= Mock Turtles (opera) =

Savoy Theatre programme for Mock Turtles

Mock Turtles is a one-act comic opera with a libretto by Frank Desprez and music by Eaton Faning. It was first produced at the Savoy Theatre on 11 October 1881 as a curtain raiser to Patience, then from 26 November 1882 to 30 March 1883 with Iolanthe. The piece also toured from December 1881 throughout 1882. It also toured in 1883 and 1884 and enjoyed further revivals, including a tour in 1897 with J. M. Gordon and his company.

A vocal score was published by Chappells, in 1882, which contains full dialogue as well as music. A copy is in the British Library. The libretto to Mock Turtles was republished by The Gaiety journal in September 2001.

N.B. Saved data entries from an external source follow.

Lemma large_clusters_cost k (c : 'I_k -> T) (ph alpha beta : R) (A Ta : {set T}) :
  0 < alpha ->
  \sum_(x in A) distS rho x (centers c) <= 9/4 * alpha * cost rho [set: T] (centers c) ->
  cost rho A Ta <= 9/2 * beta * alpha * cost rho [set: T] (centers c) ->
  (forall i, ph <= #|cluster rho c i|%:R ->
     alpha * #|cluster rho c i|%:R <= 4 * #|cluster rho c i :&: A|%:R) ->
  cost rho (Xlarge rho c ph) Ta <= (18 * beta + 10) * cost rho [set: T] (centers c).
Proof.
move=> a0 hA hTa sample; set Del := cost rho [set: T] (centers c).
set D := fun x => distS rho x (centers c).
set K := fun i => ph <= #|cluster rho c i|%:R.
set Q := fun i => cluster rho c i :&: A.
have D0 x : 0 <= D x by apply: distS_ge0.
have disjC i j : K i -> K j -> i != j -> [disjoint cluster rho c i & cluster rho c j].
  by move=> _ _; apply: cluster_disjoint.
have disjQ i j : K i -> K j -> i != j -> [disjoint Q i & Q j].
  by move=> _ _ ij; apply: disjointW (subsetIl _ _) (subsetIl _ _) (cluster_disjoint _ _ ij).
have per_cluster i : K i -> cost rho (cluster rho c i) Ta <= \sum_(x in cluster rho c i) D x
    + (alpha / 4)^-1 * \sum_(y in Q i) (D y + distS rho y Ta).
  move=> Ki; apply: (cost_by_sample rho_metric) => //.
  - by move=> x y xC /setIP[yC _]; apply: (cluster_diameter rho_metric xC yC).
  - by rewrite divr_gt0.
  - by rewrite mulrAC ler_pdivrMr // [_ * 4]mulrC; apply: sample.
have clusters : \sum_(x in \bigcup_(i | K i) cluster rho c i) D x <= Del.
  exact: sum_le_subset D0 (subsetT _).
have samples : \sum_(y in \bigcup_(i | K i) Q i) (D y + distS rho y Ta)
    <= 9/4 * alpha * Del + 9/2 * beta * alpha * Del.
  have QA : \bigcup_(i | K i) Q i \subset A by apply/bigcupsP => i _; apply: subsetIr.
  apply: le_trans (sum_le_subset _ QA) _; first by move=> y; rewrite addr_ge0 ?distS_ge0.
  by rewrite big_split lerD.
rewrite /cost /Xlarge -/K sum_disjoint_bigcup //.
apply: le_trans (ler_sum _ per_cluster) _.
rewrite big_split -mulr_sumr /= -!sum_disjoint_bigcup //.
apply: le_trans (lerD clusters (ler_wpM2l _ samples)) _.
  by rewrite invr_ge0 divr_ge0 // ltW.
rewrite (_ : (alpha / 4)^-1 * _ = 9 * Del + 18 * beta * Del); last first.
  by field; apply: lt0r_neq0.
lra.
Qed.

End LargeClusters.

Theorem lemma7 (R : realType) (T : finType) (rho : T -> T -> R)
  (k : nat) (delta : R) (c : 'I_k -> T)
  (alpha beta : R) (m : nat) (P1 Ta : {set T})
  (z : R) (L : nat) (B : nat -> {set T}) :
  is_metric rho ->
  (2 <= k)%N -> 0 < delta < 1 ->
  (* OPT = {c_1,...,c_k} minimizes R(X, .) among nonempty sets of <= k points *)
  (forall S : {set T}, S != set0 -> (#|S| <= k)%N ->
     cost rho [set: T] (centers c) <= cost rho [set: T] S) ->
  0 < alpha <= 1 / 6 ->
  alpha * #|T|%:R = m%:R ->
  #|P1| = m ->
  1 <= beta ->
  Ta \subset P1 ->
  #|Ta|%:R <= kplus k delta ->
  (forall S : {set T}, S \subset P1 -> S != set0 -> #|S|%:R <= kplus k delta ->
     cost rho P1 Ta <= beta * cost rho P1 S) ->
  z = phi k delta alpha / 15 ->
  linear_bin_division rho z [set: T] (centers c) L B ->
  trivial_bins [set: T] L B \/ well_rep_bins R [set: T] P1 L B ->
  (forall i : 'I_k, phi k delta alpha <= #|cluster rho c i|%:R ->
     well_rep R [set: T] P1 (cluster rho c i)) ->
  cost rho (Xlarge rho c (phi k delta alpha)) Ta
    <= (18 * beta + 10) * cost rho [set: T] (centers c).
Proof.
move=> hm k2 delta01 _ /andP[a0 _] han hP1 b1 _ _ Tamin hz bins hbins hclus.
set ph := phi k delta alpha in hz hclus *; set Del := cost rho [set: T] (centers c).
have lnpos := log_term_gt0 k2 delta01.
have php : 0 < ph by rewrite divr_gt0 // mulr_gt0.
have [small|big] := ltP (#|T|%:R) ph.
  rewrite Xlarge_eq0 // /cost big_set0 mulr_ge0 ?(cost_ge0 hm) //; lra.
have npos : (0 < #|T|)%N by rewrite -(ltr_nat R); apply: lt_le_trans big.
have rate : #|P1|%:R / #|[set: T]|%:R = alpha.
  by rewrite cardsT hP1 -han mulfK // pnatr_eq0 -lt0n.
have z0 : 0 < z by rewrite hz divr_gt0.
have zW : z <= #|[set: T]|%:R by rewrite cardsT hz; lra.
(* Otherwise condition (2) rules out the trivial bin division. *)
have wr : well_rep_bins R [set: T] P1 L B.
  case: hbins => // [[_ B1T]]; case: bins => _ _ + _ _.
  by rewrite B1T cardsT hz; lra.
have B1 : #|B 1%N :&: P1|%:R <= alpha * ph / 4.
  have W0 : [set: T] != set0 by rewrite -card_gt0 cardsT.
  by have := first_bin_sample_card bins W0 wr; rewrite rate hz; lra.
have tail := tail_sample_weight hm bins z0 zW (subsetT P1) wr; rewrite rate -/Del in tail.
have P1ne : P1 != set0 by rewrite -card_gt0 hP1 -(ltr_nat R) -han mulr_gt0 // ltr0n.
have [S [SP1 S0 Scard Scost]] := seeded_solution hm (B 1%N) P1ne (centers_neq0 c (ltnW k2)).
have hTa : cost rho P1 Ta <= 9/2 * beta * alpha * Del.
  apply: le_trans (Tamin S SP1 S0 _) _.
    apply: (card_le_kplus a0 lnpos (leq_trans Scard _) B1).
    by rewrite leq_add2r card_centers_le.
  have SDel : cost rho P1 S <= 9/2 * alpha * Del by lra.
  by have := ler_wpM2l (le_trans ler01 b1) SDel; lra.
apply: (large_clusters_cost hm a0 tail (le_trans (cost_le_subset hm _ (subsetDl _ _)) hTa)).
move=> i large; rewrite -{1}rate; apply: well_rep_sample_outside (hclus i large) _.
by rewrite rate; nra.
Qed.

The fashion in the late Victorian era was to present long evenings in the theatre, and so producer Richard D'Oyly Carte preceded his Savoy operas with curtain raisers such as Mock Turtles. W. J. MacQueen-Pope commented, concerning such curtain raisers:
This was a one-act play, seen only by the early comers. It would play to empty boxes, half-empty upper circle, to a gradually filling stalls and dress circle, but to an attentive, grateful and appreciative pit and gallery. Often these plays were little gems. They deserved much better treatment than they got, but those who saw them delighted in them. ... [They] served to give young actors and actresses a chance to win their spurs ... the stalls and the boxes lost much by missing the curtain-raiser, but to them dinner was more important.

==Synopsis==
Mr. and Mrs. Wranglebury quarrel like two tigers whenever they are together. Things come to a head when Mrs. Wranglebury's mother comes unexpectedly to stay with them. Mr. Wranglebury borrowed money from his mother-in-law many years ago to start his business, and he is fearful that she may ask for it back. They pretend to be very amiable and discover that they really prefer being amiable to each other and want to live happily together. When the servant Jane nearly spoils everything by telling the mother-in-law of the quarrels, she is branded a liar and sacked on the spot.

==Musical numbers==
- No. 1 - Duet - Mr. and Mrs. Wranglebury - "Oh! I hate you, I despise you..."
- No. 2 - Song - Mrs. Boucher, with Mr. and Mrs. Wranglebury - "I mean to go about, my dears..."
- No. 3 - Duet - Mr. and Mrs. Wranglebury - "I love you so..."
- No. 4 - Finale - Mr. and Mrs. Wranglebury and Mrs. Boucher - "We mean to see the Abbey..."

==Cast information==
The original cast was:

- Mr. Wranglebury. Courtice Pounds (baritone) (his first principal role with the company)
- Mrs. Wranglebury. Minna Louis/Rose Hervey (soprano)
- Mrs. Bowcher. Rosina Brandram (contralto)
- Jane (non singing). Sybil Grey

Arthur Law and Eric Lewis each replaced Pounds for part of the run.